Closed elanv closed 3 years ago
I thought about it more, but it would be nice to implement it by using CLI and getting the ID via the pod log. It is better to apply the REST API method later. What do you think? @functicons
Thanks for the PR! I will need a few days before getting back to you.
it would be nice to implement it by using CLI and getting the ID via the pod log. It is better to apply the REST API method later.
@elanv what's the reason behind it? I feel getting ID from the pod log is unreliable.
For PyFlink, we don't have to support it now, but it would be nice if the upstream Flink CLI could be improved to accept client specified ID. I guess the implementation should be easy. That way Flink CLI could be used for both. Or we could wait for https://github.com/apache/flink/pull/8532#issuecomment-730962739 to be resolved before adding PyFlink support.

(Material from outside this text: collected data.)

(* Let $\mathtt Q$ be a probability measure and $(M_t)_{t\in\mathbb N_0}$ a nonnegative $\mathtt Q$-martingale with $M_0>0$. Let $F$ be the distribution function under $\mathtt Q$ of $\inf_{t\in\mathbb N_0}1/M_t$. If $F$ is atomless (continuous), then $\mathfrak p_t:=F(\inf_{s\le t}1/M_s)$, $t\in\mathbb N_0$, is a $\mathtt Q$-admissible anytime-valid $p$-value for $\{\mathtt Q\}$.
   Context: Setup: observations $(X_t)_{t\in\mathbb N}$, an independent $[0,1]$-uniform $U$, filtration $\mathcal F_0=\sigma(U)$, $\mathcal F_t=\sigma(U,X_1,\dots,X_t)$, $\mathcal F_\infty=\sigma(\bigcup_t\mathcal F_t)$; stopping times may be infinite. An anytime-valid $p$-value for $\{\mathtt Q\}$ is an adapted $[0,1]$-valued $(\mathfrak p_t)_{t\in\mathbb N_0}$ with $\mathtt Q(\mathfrak p_\tau\le\alpha)\le\alpha$ for all stopping times $\tau$ and $\alpha\in[0,1]$, where $\mathfrak p_\infty:=\liminf_t\mathfrak p_t$. It is $\mathtt Q$-admissible if there is no other such $p$-value $(\mathfrak p'_t)$ with $\mathtt Q(\mathfrak p'_t\le\mathfrak p_t)=1$ for all $t$ and $\mathtt Q(\mathfrak p'_t<\mathfrak p_t)>0$ for some $t$. *)

From HB Require Import structures.
From mathcomp Require Import all_boot all_order all_algebra.
From mathcomp Require Import all_classical all_reals all_analysis.
Set Implicit Arguments. Unset Strict Implicit. Unset Printing Implicit Defensive.
Import Order.TTheory GRing.Theory Num.Theory.
Import numFieldNormedType.Exports.
Local Open Scope classical_set_scope.
Local Open Scope ring_scope.

Section Defs.
Context {d dT : measure_display} {Omega : measurableType d} {T : measurableType dT}
  {R : realType}.

Definition gen_sigma (G : set (set Omega)) : set (set Omega) :=
  smallest (sigma_algebra setT) G.

Definition filt (U : Omega -> R) (X : nat -> Omega -> T) (t : nat) : set (set Omega) :=
  gen_sigma [set A | (exists B : set R, measurable B /\ A = U @^-1` B) \/
                     (exists (i : nat) (B : set T),
                        (1 <= i <= t)%N /\ measurable B /\ A = X i @^-1` B)].

Definition sigmaX (X : nat -> Omega -> T) : set (set Omega) :=
  gen_sigma [set A | exists (i : nat) (B : set T),
                        (1 <= i)%N /\ measurable B /\ A = X i @^-1` B].

Definition measurable_wrt (G : set (set Omega)) (f : Omega -> R) : Prop :=
  forall B : set R, measurable B -> G (f @^-1` B).

Definition uniform01 (Q : probability Omega R) (U : Omega -> R) : Prop :=
  forall x : R, 0 <= x <= 1 -> Q [set w | U w <= x] = x%:E.

Definition indep_U_X (Q : probability Omega R) (U : Omega -> R)
  (X : nat -> Omega -> T) : Prop :=
  forall (A : set R) (E : set Omega), measurable A -> sigmaX X E ->
    Q (U @^-1` A `&` E) = (Q (U @^-1` A) * Q E)%E.

(** stopping time, possibly infinite (None = +oo) *)
Definition stopping_time (F : nat -> set (set Omega)) (tau : Omega -> option nat) : Prop :=
  forall t : nat, F t [set w | exists s : nat, tau w = Some s /\ (s <= t)%N].

Definition stopped (p : nat -> Omega -> R) (tau : Omega -> option nat) (w : Omega) : R :=
  match tau w with
  | Some t => p t w
  | None => limn_inf (fun t => p t w)
  end.

Definition anytime_valid (Q : probability Omega R) (F : nat -> set (set Omega))
  (p : nat -> Omega -> R) : Prop :=
  (forall t, measurable_wrt (F t) (p t)) /\
  (forall t w, 0 <= p t w <= 1) /\
  (forall tau, stopping_time F tau ->
     forall alpha : R, 0 <= alpha <= 1 ->
       (Q [set w | (stopped p tau w <= alpha)%R] <= alpha%:E)%E).

Definition admissible (Q : probability Omega R) (F : nat -> set (set Omega))
  (p : nat -> Omega -> R) : Prop :=
  ~ exists p' : nat -> Omega -> R,
      anytime_valid Q F p' /\
      (forall t, Q [set w | p' t w <= p t w] = 1%E) /\
      (exists t, (0 < Q [set w | (p' t w < p t w)%R])%E).

Definition martingale (Q : probability Omega R) (F : nat -> set (set Omega))
  (M : nat -> Omega -> R) : Prop :=
  forall t : nat,
    measurable_wrt (F t) (M t) /\
    Q.-integrable setT (fun w => (M t w)%:E) /\
    (forall A, F t A ->
       (\int[Q]_(w in A) (M t.+1 w)%:E = \int[Q]_(w in A) (M t w)%:E)%E).

Definition inv_e (x : R) : \bar R := if x == 0 then +oo%E else (x^-1)%:E.

Definition inf_inv (M : nat -> Omega -> R) (w : Omega) : \bar R :=
  ereal_inf (range (fun t => inv_e (M t w))).

Definition inf_inv_upto (M : nat -> Omega -> R) (t : nat) (w : Omega) : \bar R :=
  ereal_inf [set inv_e (M s w) | s in [set s : nat | (s <= t)%N]].

Definition cdf_inf_inv (Q : probability Omega R) (M : nat -> Omega -> R) (x : R) : R :=
  fine (Q [set w | (inf_inv M w <= x%:E)%E]).

(** p_t := F(inf_{s<=t} 1/M_s) (finite since M_0 > 0) *)
Definition pval (Q : probability Omega R) (M : nat -> Omega -> R) (t : nat) (w : Omega) : R :=
  cdf_inf_inv Q M (fine (inf_inv_upto M t w)).

End Defs.

From HB Require Import structures.
From mathcomp Require Import all_boot all_order all_algebra.
From mathcomp Require Import all_classical all_reals all_analysis.
From mathcomp Require Import measurable_realfun.
From mathcomp Require Import lra.
Import Order.TTheory GRing.Theory Num.Theory.
Import numFieldNormedType.Exports.
Local Open Scope classical_set_scope.
Local Open Scope ring_scope.

(** Write G_t := inf_{s<=t} 1/M_s and Y := inf_t 1/M_t; both are finite reals
   because M_0 > 0, and F is the (continuous) distribution function of Y.

   G_t decreases to Y, hence p_t >= F(Y) and, F being continuous,
   p_oo = liminf_t p_t = F(Y).  So p_tau >= F(Y) for every stopping time tau,
   and F(Y) is super-uniform: for a < 1 the largest c with F c = a satisfies
   {F(Y) <= a} ⊆ {Y <= c}, an event of probability a.

   Let p' be anytime valid with p' <= p a.s. and
   Q(p'_t0 < p_t0) > 0.  There is a level a and, through the point c with
   F c = a and a margin del > 0, an event A ∈ F_t0 of positive probability on
   which p'_t0 <= a and G_t0 > c + del.  Stopping at t0 on A and never
   elsewhere, validity of p' yields Q(A ∪ {Y <= c}) <= a = Q(Y <= c), so
   almost all of A lies in {Y <= c}.  There M exceeds b = 1/(c + del/2) after
   t0 while M_t0 <= 1/(c + del) on A, and Doob's maximal inequality
   b Q(A ∩ {sup_{s>=t0} M_s > b}) <= E[M_t0; A] forces Q(A) = 0. *)

Section LevelSets.
Context {d : measure_display} {T : measurableType d} {R : realType}.
Implicit Types f : T -> R.

Lemma measurable_le_set f x : measurable_fun setT f -> measurable [set w | f w <= x].
Proof.
move=> mf; rewrite (_ : [set w | f w <= x] = f @^-1` `]-oo, x]).
  by have := mf measurableT _ (@measurable_itv _ `]-oo, x]); rewrite setTI.
by apply/seteqP; split => w /=; rewrite in_itv.
Qed.

Lemma measurable_lt_set f x : measurable_fun setT f -> measurable [set w | f w < x].
Proof.
move=> mf; rewrite (_ : [set w | f w < x] = f @^-1` `]-oo, x[).
  by have := mf measurableT _ (@measurable_itv _ `]-oo, x[); rewrite setTI.
by apply/seteqP; split => w /=; rewrite in_itv.
Qed.

Lemma measurable_gt_set f x : measurable_fun setT f -> measurable [set w | x < f w].
Proof.
move=> mf; rewrite (_ : [set w | x < f w] = f @^-1` `]x, +oo[).
  by have := mf measurableT _ (@measurable_itv _ `]x, +oo[); rewrite setTI.
by apply/seteqP; split => w /=; rewrite in_itv /= andbT.
Qed.

(** Strict sublevel sets generate the Borel sets of R. *)
Lemma measurable_from_lt_sets f :
  (forall x, measurable [set w | f w < x]) -> measurable_fun setT f.
Proof.
move=> h; apply: (measurability _ (RGenInftyO.measurableE R)) => //.
move=> _ [_ [x ->] <-]; rewrite setTI.
suff -> : f @^-1` `]-oo, x[ = [set w | f w < x] by [].
by apply/seteqP; split => w /=; rewrite in_itv.
Qed.

Lemma measurable_inv_lt_set f x :
  measurable_fun setT f -> measurable [set w | 0 < x /\ x^-1 < f w].
Proof.
move=> mf; have [x0|x0] := pselect (0 < x).
  rewrite (_ : [set w | _] = [set w | x^-1 < f w]); first exact: measurable_gt_set.
  by apply/seteqP; split => w /= => [[]|]//.
rewrite (_ : [set w | _] = set0) //.
by apply/seteqP; split => w //= -[].
Qed.

End LevelSets.

Section Elementary.
Context {R : realType}.

Lemma inv_lt_iff (y x : R) : 0 <= y -> (y != 0 /\ y^-1 < x) <-> (0 < x /\ x^-1 < y).
Proof.
move=> y0; split.
  move=> [yn0 h]; have yp : 0 < y by rewrite lt0r yn0.
  have xp : 0 < x by apply: le_lt_trans h; rewrite invr_ge0.
  by split => //; rewrite invf_plt ?posrE.
move=> [xp h]; have yp : 0 < y by apply: lt_trans h; rewrite invr_gt0.
by split; [rewrite gt_eqF|rewrite invf_plt ?posrE].
Qed.

Lemma exists_inv_nat_lt (e : R) : 0 < e -> exists n : nat, n.+1%:R^-1 < e.
Proof.
move=> e0; exists (Num.Def.archi_bound e^-1).
rewrite invf_plt ?posrE ?ltr0Sn //.
apply: (lt_le_trans (archi_boundP _)); first by rewrite invr_ge0 ltW.
by rewrite ler_nat.
Qed.

Lemma continuous_ball {f : R -> R} (x : R) {e : R} : continuous f -> 0 < e ->
  exists2 del, 0 < del & forall y, `|x - y| < del -> `|f x - f y| < e.
Proof.
move=> cf e0; have /cvgrPdist_lt /(_ e e0) := cf x.
by move=> /nbhs_ballP [del del0 h]; exists del => // y xy; apply: h.
Qed.

Lemma liminf_le_lim (u v : nat -> R) (l : R) : (forall t, 0 <= u t <= 1) ->
  v @ \oo --> l -> (forall t, u t <= v t) -> limn_inf u <= l.
Proof.
move=> u01 cv uv.
have lb : has_lbound (range u) by exists 0 => _ [t _ <-]; have /andP[] := u01 t.
have ci : cvgn (infs u).
  apply: nondecreasing_is_cvgn; first exact: nondecreasing_infs.
  exists 1 => _ [n _ <-]; apply: (@le_trans _ _ (u n)).
    by apply: ge_inf; [exact: has_lbound_sdrop|exists n => /=].
  by have /andP[] := u01 n.
rewrite /limn_inf; apply: limr_le => //; apply: nearW => n.
rewrite -(cvg_lim _ cv) //; apply: limr_ge; first by apply/cvg_ex; exists l.
exists n => // m /= nm; apply: le_trans (uv m).
by apply: ge_inf; [exact: has_lbound_sdrop|exists m].
Qed.

End Elementary.

Section PositiveMass.
Context {d : measure_display} {T : measurableType d} {R : realType}.
Context (mu : {measure set T -> \bar R}).

Lemma positive_measure_nonempty {A : set T} : (0 < mu A)%E -> exists w, A w.
Proof.
move=> Apos; apply: contrapT => /forallNP hA.
by move: Apos; rewrite (_ : A = set0) ?measure0 ?ltxx //; apply/seteqP; split.
Qed.

Lemma positive_bigcup {F : nat -> set T} : (forall n, measurable (F n)) ->
  (0 < mu (\bigcup_n F n))%E -> exists n, (0 < mu (F n))%E.
Proof.
move=> mF h; apply: contrapT => /forallNP hn.
have F0 n : mu (F n) = 0%E.
  by apply/eqP; rewrite eq_le measure_ge0 andbT leNgt; apply/negP; exact: hn.
have [N [mN N0 sub]] : mu.-negligible (\bigcup_n F n).
  by apply: negligible_bigcup => n; exists (F n); split => //; exact: F0.
have := le_measure mu (mem_set (bigcupT_measurable _ mF)) (mem_set mN) sub.
move=> /(lt_le_trans h) hN.
by move: (eq_ind _ (fun z => (0 < z)%E) hN _ N0); rewrite ltxx.
Qed.

Lemma level_with_positive_mass {f g : T -> R} :
  measurable_fun setT f -> measurable_fun setT g ->
  (forall w, 0 <= f w) -> (forall w, g w <= 1) ->
  (0 < mu [set w | (f w < g w)%R])%E ->
  exists a, 0 <= a < 1 /\
    (0 < mu ([set w | (f w <= a)%R] `&` [set w | (a < g w)%R]))%E.
Proof.
move=> mf mg f0 g1 hpos.
pose B n k := [set w | f w <= k%:R / n.+1%:R] `&` [set w | k%:R / n.+1%:R < g w].
have mB n k : measurable (B n k).
  by apply: measurableI; [exact: measurable_le_set|exact: measurable_gt_set].
have sub : [set w | f w < g w] `<=` \bigcup_n \bigcup_k B n k.
  move=> w /= fg.
  have [n hn] := @exists_inv_nat_lt _ (g w - f w) (ltac:(by rewrite subr_gt0)).
  have N0 : 0 < n.+1%:R :> R by rewrite ltr0Sn.
  have /andP[t1 t2] := truncn_itv (mulr_ge0 (f0 w) (ltW N0)).
  have h1 : 1 < (g w - f w) * n.+1%:R by rewrite -ltr_pdivrMr // div1r.
  exists n => //; exists (Num.truncn (f w * n.+1%:R)).+1 => //; split => /=.
    by rewrite ler_pdivlMr //; apply: ltW.
  rewrite ltr_pdivrMr // mulrBl in h1 *; rewrite -addn1 natrD in t1 t2 *; lra.
have mlt : measurable [set w | f w < g w].
  rewrite (_ : [set w | _] = [set w | (f \- g) w < 0]).
    by apply: measurable_lt_set; exact: measurable_funB.
  by apply/seteqP; split => w /=; rewrite subr_lt0.
have mBk n : measurable (\bigcup_k B n k) by exact: bigcupT_measurable.
have := le_measure mu (mem_set mlt) (mem_set (bigcupT_measurable _ mBk)) sub.
move=> /(lt_le_trans hpos) /(positive_bigcup mBk) [n] /(positive_bigcup (mB n)) [k Bpos].
exists (k%:R / n.+1%:R); split => //.
have [w [_ /= ag]] := positive_measure_nonempty Bpos.
by rewrite divr_ge0 //=; exact: lt_le_trans ag (g1 w).
Qed.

It's not now, but I've found out because I need to support pyFlink later and it was mentioned in another issue. (Anyway, I found it's better to use the container termination message recorded in the Pod resource instead of requesting log to running Pod.)
If we can wait for support from upstream, I would like to finish the remaining work of this PR and ask you to review again.
Seems the problem for now is about whether PyFlink support is a priority, I don't have a preference, but if you think it is important, then it is okay to first use CLI and getting the ID via the pod log.
Replaced with #379
This PR improves submitting/tracking job and fixes job recovery bugs. I made this PR for now because there are some changes and contents to discuss. (It still works even though there are some minor works.)
Changes
Submit a job Submit via REST API instead of flink CLI. Submit a job with the job ID generated by the operator, and the operator tracks the job with that ID.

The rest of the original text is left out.